Straggler Mitigation in Distributed Optimization Through Data Encoding

TL;DR

This paper introduces a novel data encoding approach for distributed optimization that mitigates stragglers by embedding redundancy directly in data, enabling robust convergence without waiting for slow nodes.

Contribution

It proposes data encoding schemes for distributed algorithms that allow convergence despite node variability, differing from prior coding-based methods that embed redundancy in computation.

Findings

Achieves linear convergence to an approximate solution with arbitrary node subsets.

Redundancy level controls the approximation accuracy.

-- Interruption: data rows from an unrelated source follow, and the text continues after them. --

Theorem propositionS48 (R : realType) (n N : nat)
    (W : 'M[R]_N) (M : 'M[R]_(n, N)) (Mp : 'M[R]_(N, n))
    (h : 'I_N -> R -> R -> R) :
  is_MP_pinv M Mp ->
  (forall i a b, analytic_at (h i) a b) ->
  exists (c : 'I_N -> nat -> nat -> R) (C : 'I_n -> R) (r : R), 0 < r /\
    forall X : 'cV[R]_n, (forall nu, `|X nu ord0| < r) ->
    forall mu : 'I_n,
    exists lD lW lT : R,
      [/\ SD M Mp c mu X K @[K --> \oo] --> lD,
          SW W M Mp c mu X K @[K --> \oo] --> lW,
          ST W M Mp c mu X K @[K --> \oo] --> lT &
          reduced_field W M Mp h X mu = C mu + lD + lW + lT].
Proof.
move=> _ h_analytic.
have /choice[cr cr_spec] i : exists cr : (nat -> nat -> R) * R, 0 < cr.2 /\
    forall x y, `|x| < cr.2 -> `|y| < cr.2 -> dps0_split_expansion cr.1 x y (h i x y).
  by have [c [r ?]] := analytic_at0_expansion (h_analytic i 0 0); exists (c, r).
pose c i := (cr i).1.
pose rho : R := \big[Num.min/1]_i (cr i).2.
have rho_gt0 : 0 < rho by apply: lt_bigmin => // i _; case: (cr_spec i).
have rho_le i : rho <= (cr i).2 by apply: bigmin_le.
have [r r_gt0 small_image] := exists_radius_small_image W Mp rho_gt0.
exists c, (fun mu => \sum_(i < N) M mu i * c i 0%N 0%N), r; split => // X X_lt mu.
pose xt i := (Mp *m X) i ord0; pose yt i := (W *m (Mp *m X)) i ord0.
have expansion i : dps0_split_expansion (c i) (xt i) (yt i) (h i (xt i) (yt i)).
  have [xt_lt yt_lt] := small_image X X_lt i.
  by apply: (cr_spec i).2; [exact: lt_le_trans xt_lt (rho_le i)
                          | exact: lt_le_trans yt_lt (rho_le i)].
exists (\sum_(i < N) M mu i * limn (dps_xpart (c i) (xt i))),
  (\sum_(i < N) M mu i * limn (dps_ypart (c i) (yt i))),
  (\sum_(i < N) M mu i * limn (dps_mixed (c i) (xt i) (yt i))); split.
- under eq_cvg do rewrite SD_dps_xpart.
  by apply: cvg_sum_mull => i; case: (expansion i).
- under eq_cvg do rewrite SW_dps_ypart.
  by apply: cvg_sum_mull => i; case: (expansion i).
- under eq_cvg do rewrite ST_dps_mixed.
  by apply: cvg_sum_mull => i; case: (expansion i).
rewrite /reduced_field -!big_split /=; apply: eq_bigr => i _.
by have [_ _ _ ->] := expansion i; ring.
Qed.
Lemma grmulA (a b c : ZG) : grmul (grmul a b) c = grmul a (grmul b c).
Proof.
apply/ffunP=> z; rewrite !grmulE.
under eq_bigr do rewrite grmulE mulr_suml.
rewrite exchange_big /=; apply: eq_bigr => x _.
rewrite grmulE mulr_sumr (reindex_inj (mulgI x)) /=.
by apply: eq_bigr => u _; rewrite mulKg invMg mulgA mulrA.
Qed.

Definition grexp (a : ZG) k := iter k (grmul a) (grone gT).

Lemma grexpS a k : grexp a k.+1 = grmul a (grexp a k).
Proof. by []. Qed.

Section Commuting.
Variables a b : ZG.
Hypothesis ab_comm : grmul a b = grmul b a.

Lemma grexp_comm k : grmul (grexp a k) b = grmul b (grexp a k).
Proof.
elim: k => [|k IHk]; first by rewrite grmul1l grmul1r.
by rewrite grexpS grmulA IHk -grmulA ab_comm grmulA.
Qed.

Lemma grexpMn_comm k : grexp (grmul a b) k = grmul (grexp a k) (grexp b k).
Proof.
elim: k => [|k IHk]; first by rewrite grmul1l.
rewrite !grexpS IHk grmulA -[grmul b (grmul _ _)]grmulA -grexp_comm.
by rewrite !grmulA.
Qed.

End Commuting.

Lemma central_conjg (a : ZG) :
  (forall b, grmul a b = grmul b a) -> forall x y, a (x ^ y)%g = a x.
Proof.
move=> a_central x y.
have := congr1 (fun c : ZG => c (x * y)%g) (a_central (uline [set y])).
rewrite !grmulE (bigD1 x) //= big1 => [|u u_neq_x]; last first.
  rewrite ulineE inE (_ : (u^-1 * (x * y) == y)%g = false) ?mulr0 //.
  apply: contraNF u_neq_x => /eqP; rewrite mulgA -{2}[y]mul1g.
  by move=> /mulIg/eqP; rewrite -eq_mulVg1.
rewrite (bigD1 y) //= big1 => [|u /negPf u_neq_y]; last first.
  by rewrite ulineE inE u_neq_y mul0r.
by rewrite !ulineE !inE mulKg eqxx mulr1 mul1r !addr0 conjgE mulgA.
Qed.

Section Span.
Variable P : {set {set gT}}.

Lemma span_ind (Q : ZG -> Prop) : Q 0 ->
  (forall a b, Q a -> Q b -> Q (a + b)) ->
  (forall X k, X \in P -> Q (uline X *~ k)) ->
  forall a, inSpan P a -> Q a.
Proof. by move=> Q0 QD QX _ [c ->]; elim/big_ind: _ => // X XP; apply: QX. Qed.

Lemma span0 : inSpan P 0.
Proof. by exists (fun _ => 0); rewrite big1 // => X _; rewrite mulr0z. Qed.

Lemma spanD a b : inSpan P a -> inSpan P b -> inSpan P (a + b).
Proof.
case=> c1 -> [c2 ->]; exists (fun X => c1 X + c2 X); rewrite -big_split /=.
by apply: eq_bigr => X _; rewrite mulrzDr.
Qed.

Experimental results show advantages over uncoded and replication methods.

Abstract

Slow running or straggler tasks can significantly reduce computation speed in distributed computation. Recently, coding-theory-inspired approaches have been applied to mitigate the effect of straggling, through embedding redundancy in certain linear computational steps of the optimization algorithm, thus completing the computation without waiting for the stragglers. In this paper, we propose an alternate approach where we embed the redundancy directly in the data itself, and allow the computation to proceed completely oblivious to encoding. We propose several encoding schemes, and demonstrate that popular batch algorithms, such as gradient descent and L-BFGS, applied in a coding-oblivious manner, deterministically achieve sample path linear convergence to an approximate solution of the original problem, using an arbitrarily varying subset of the nodes at each iteration. Moreover, this approximation can be controlled by the amount of redundancy and the number of nodes used in each iteration. We provide experimental results demonstrating the advantage of the approach over uncoded and data replication strategies.